Riviera Reporter
Riviera Reporter
THE FRENCH RIVIERA'S ENGLISH LANGUAGE NEWS MAGAZINE
THE FRENCH RIVIERA'S ENGLISH LANGUAGE NEWS MAGAZINE

Your in-flight entertainment - by British yobs and slobs

As foreign media pick up on the increasing number of British press reports of loutish behaviour at home and abroad, decent British expats are left feeling shame and irritation.

Airlines regularly have to deal with yobbery by a loud minority of Brits travelling to or from their holiday destinations. Half of the culprits on Skyscanner’s worldwide list of the 10 Worst Passenger Incidents involve Brits.

In-flight misbehaviour can easily result in prosecution for endangering an aircraft and most airlines operate a zero tolerance policy, but this doesn’t discourage everyone. In April 2015, two British men were offloaded in Bermuda for their threatening behaviour on a Thomson Airways flight to Mexico. In May, six British men were arrested in Spain after “shocking behaviour while drunk” on board a 7am Ryanair flight from Glasgow Prestwick Airport to Palma, Mallorca. Ryanair has since banned passengers from bringing booze onto some of their flights between Britain and Spanish destinations.
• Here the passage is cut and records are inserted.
(* Let $m\ge 1$ and let $t_1,\dots,t_m$ be real numbers with $0<t_i\le 1$ for all $i\in\{1,\dots,m\}$. Then $$\sum_{i=1}^{m}\frac{1-t_i}{t_i}\;\ge\;\sum_{i=1}^{m}\frac{t_i(1-t_i)}{\left(\frac{1}{m}\sum_{j=1}^{m}t_j\right)^{2}}.$$ *)

From mathcomp Require Import all_boot all_order all_algebra.

From mathcomp Require Import all_boot all_order all_algebra.
From mathcomp Require Import ring.
Import Order.TTheory GRing.Theory Num.Theory.
Local Open Scope ring_scope.

(* Tangent-line trick. For fixed [a > 0] the summand gap
   [g x = (1 - x) / x - x (1 - x) / a^2] vanishes at [x = a] and lies above its
   tangent line there, [g x >= g'(a) (x - a)]. Taking [a] to be the mean of the
   [t i], the tangent terms sum to [g'(a) * 0 = 0]. *)

Lemma tangent_le_gap (R : realFieldType) (x a : R) : 0 < x -> 0 < a ->
  (2 / a - 2 / a ^+ 2) * (x - a) <= (1 - x) / x - x * (1 - x) / a ^+ 2.
Proof.
move=> x_gt0 a_gt0; rewrite -subr_ge0.
have -> : (1 - x) / x - x * (1 - x) / a ^+ 2 - (2 / a - 2 / a ^+ 2) * (x - a)
  = (x - a) ^+ 2 / a ^+ 2 + (x - a) ^+ 2 / (x * a ^+ 2).
  by field; rewrite ?mulf_neq0 ?expf_neq0 ?gt_eqF.
by rewrite addr_ge0 // divr_ge0 ?sqr_ge0 ?mulr_ge0 ?exprn_ge0 ?ltW.
Qed.

Lemma mean_gt0 (R : numFieldType) (m : nat) (t : 'I_m -> R) :
  (0 < m)%N -> (forall i, 0 < t i) -> 0 < m%:R^-1 * \sum_(i < m) t i.
Proof.
case: m t => // m t _ t_gt0; rewrite mulr_gt0 ?invr_gt0 ?ltr0n //.
rewrite big_ord_recl ltr_pwDl // sumr_ge0 // => i _; exact: ltW.
Qed.

Lemma sumr_sub_mean (R : numFieldType) (m : nat) (t : 'I_m -> R) :
  (0 < m)%N -> \sum_(i < m) (t i - m%:R^-1 * \sum_(j < m) t j) = 0.
Proof.
move=> m_gt0; rewrite sumrB sumr_const card_ord -mulrnAr.
by rewrite -(mulr_natl (\sum_(j < m) t j)) mulKf ?subrr // pnatr_eq0 -lt0n.
Qed.

Theorem lemma3p2 (R : realFieldType) (m : nat) (t : 'I_m -> R)
  (hm : (1 <= m)%N) (ht : forall i, 0 < t i /\ t i <= 1) :
  \sum_(i < m) (1 - t i) / t i >=
  \sum_(i < m) t i * (1 - t i) / ((m%:R)^-1 * \sum_(j < m) t j) ^+ 2.
Proof.
have t_gt0 i : 0 < t i := (ht i).1.
set a := m%:R^-1 * _; have a_gt0 : 0 < a by exact: mean_gt0.
pose tangent i := (2 / a - 2 / a ^+ 2) * (t i - a).
have tangent_sum0 : \sum_i tangent i = 0.
  by rewrite -mulr_sumr sumr_sub_mean ?mulr0.
rewrite -subr_ge0 -sumrB -[X in X <= _]tangent_sum0 ler_sum // => i _.
exact: tangent_le_gap.
Qed.
Lemma sub_fixspaceP S m (x : 'M[algC]_(m, N)) :
  reflect {in S, forall g, x *m pmx g = x} (x <= fixspace S)%MS.
Proof.
apply: (iffP sub_bigcapmxP) => xS g gS; first by apply/eqP; rewrite -sub_kermxB1 xS.
by rewrite sub_kermxB1 xS.
Qed.

Lemma fixspace_fix S g : g \in S -> fixspace S *m pmx g = fixspace S.
Proof. exact/sub_fixspaceP. Qed.

Lemma fixspace_gen S : (fixspace <<S>>%g :=: fixspace S)%MS.
Proof.
apply/eqmxP/andP; split.
  by apply/sub_fixspaceP => g gS; apply/fixspace_fix/mem_gen.
have fixG : group_set [set g | fixspace S *m pmx g == fixspace S].
  apply/group_setP; split; first by rewrite inE /pmx perm_mx1 mulmx1.
  by move=> x y; rewrite !inE /pmx perm_mxM mulmxA => /eqP -> /eqP ->.
have /subsetP genS : (<<S>> \subset Group fixG)%g.
  by rewrite gen_subG; apply/subsetP => g gS; rewrite inE fixspace_fix.
by apply/sub_fixspaceP => g /genS; rewrite inE => /eqP.
Qed.

Lemma rank_fixspace1 a : \rank (fixspace [set a]) = #|porbits a|.
Proof. by rewrite fixspace1 -(porbit_mx_kermx _ a) rank_porbit_mx. Qed.

Lemma odd_rank_fixspace1 a : a \in ('Alt_('I_N))%g ->
  odd (\rank (fixspace [set a])) = odd N.
Proof.
rewrite Alt_even /odd_perm card_ord rank_fixspace1.
by case: (odd N); case: (odd #|porbits a|).
Qed.

Section Commuting.
Variables a s : 'S_N.
Hypothesis cas : commute a s.
Let p := porbits_perm cas.

Lemma fixspace2_porbit_mx :
  (kermx (perm_mx p - 1%:M) *m porbit_mx algC a :=: fixspace [set a; s])%MS.
Proof.
set K := kermx _; have /eqP Kp : K *m perm_mx p == K by rewrite -sub_kermxB1.
apply/eqmxP/andP; split.
  apply/sub_fixspaceP => g /set2P [->|->]; rewrite -mulmxA.
    by rewrite porbit_mx_perm.
  by rewrite porbit_mx_comm mulmxA Kp.
set F := fixspace _.
have Fa : (F <= porbit_mx algC a)%MS.
  by rewrite porbit_mx_kermx sub_kermxB1 fixspace_fix ?set21.
have Fs : F *m pmx s = F by rewrite fixspace_fix ?set22.
rewrite -(mulmxKpV Fa) submxMr // sub_kermxB1; apply/eqP.
apply: (row_free_inj (row_free_porbit_mx _ a)).
by rewrite -mulmxA -porbit_mx_comm mulmxA mulmxKpV // Fs.
Qed.

Lemma rank_fixspace2 : \rank (fixspace [set a; s]) = #|porbits p|.
Proof.
rewrite -fixspace2_porbit_mx mxrankMfree ?row_free_porbit_mx //.
by rewrite -(porbit_mx_kermx algC) rank_porbit_mx.
Qed.

Lemma restr_det_fixspace1 :
  restr_det (pmx s) (fixspace [set a]) =
  (-1) ^+ (odd (\rank (fixspace [set a])) (+) odd (\rank (fixspace [set a; s]))).
Proof.
rewrite (restr_det_basis (B := porbit_mx algC a) (A := perm_mx p)).
- by rewrite det_perm /odd_perm card_ord rank_fixspace1 rank_fixspace2.
- exact: row_free_porbit_mx.
- by rewrite fixspace1; apply: porbit_mx_kermx.
- exact: porbit_mx_comm.
Qed.

End Commuting.
End FixedSpaces.

Lemma eig_list_eigenvalue n (A : 'M[algC]_n) a : eigenvalue A a -> a \in eig_list A.
Proof.
rewrite eigenvalue_root_char /eig_list; case: closed_field_poly_normal => r /= ->.
by rewrite (monicP (char_poly_monic A)) scale1r root_prod_XsubC.
Qed.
Housewife Carmel Beer from Somerset was jailed for 18 months for aggressing cabin crew on a flight from Montreal to London but it’s usually men who are to blame. On a New York to London flight, 31-year-old Briton Thomas Joyce had to be handcuffed to his seat when he became drunk and violent with crew. He was subsequently jailed for nine months. In May, easyJet removed a Welsh passenger from a Bristol to Mallorca flight for “foul, abusive and threatening language”.

A former American flight attendant has started a website and Facebook page where crew and passengers can anonymously post photos of unruly behaviour on commercial aircraft. Many of the photos are of British passengers. Have a look at www.passengershaming.com

In-flight Yob

Young Britons are notorious for public drunkenness as testified by Saturday night behaviour in many a town centre but top prize must surely go to a few British holidaymakers in hot destinations where cheap and plentiful booze is the main attraction. Popular prime time British television shows such as Sun, Sex and Suspicious Parents, Magaluf Weekender, What Happens In Kavos, Sun, Sea and A&E and Brits Behaving Badly are based entirely on the drunken antics of many a low-cost sun-dried pommy on cheap binges to Spain or Greece.

The Costa del Slob might well deserve its nickname but loutish behaviour isn’t unique to the great unwashed. A few years ago an employee of the now defunct Trusthouse Forte Hotels told us that room minibars were to be discontinued because executive level British yuppies had been opening the drinks to urinate in them before putting them back. At Nice airport, one member of counter staff was spit on because she couldn’t come up with the free copy of the Financial Times a passenger felt he had a right to. Police were called but the middle-aged man’s justification that “my taxes are paying her salary” didn’t wash and he was carted off.  The tax dodge was a rather ludicrous claim when the Briton in question was – and perhaps still is – a resident of Monaco.

Most of us shouldn’t be painted with the same unseemly brush but what is it that makes abhorrent behaviour overseas a trait that seems more often the doing of Britons than of any other nationality? The French or Italians just don’t act that way.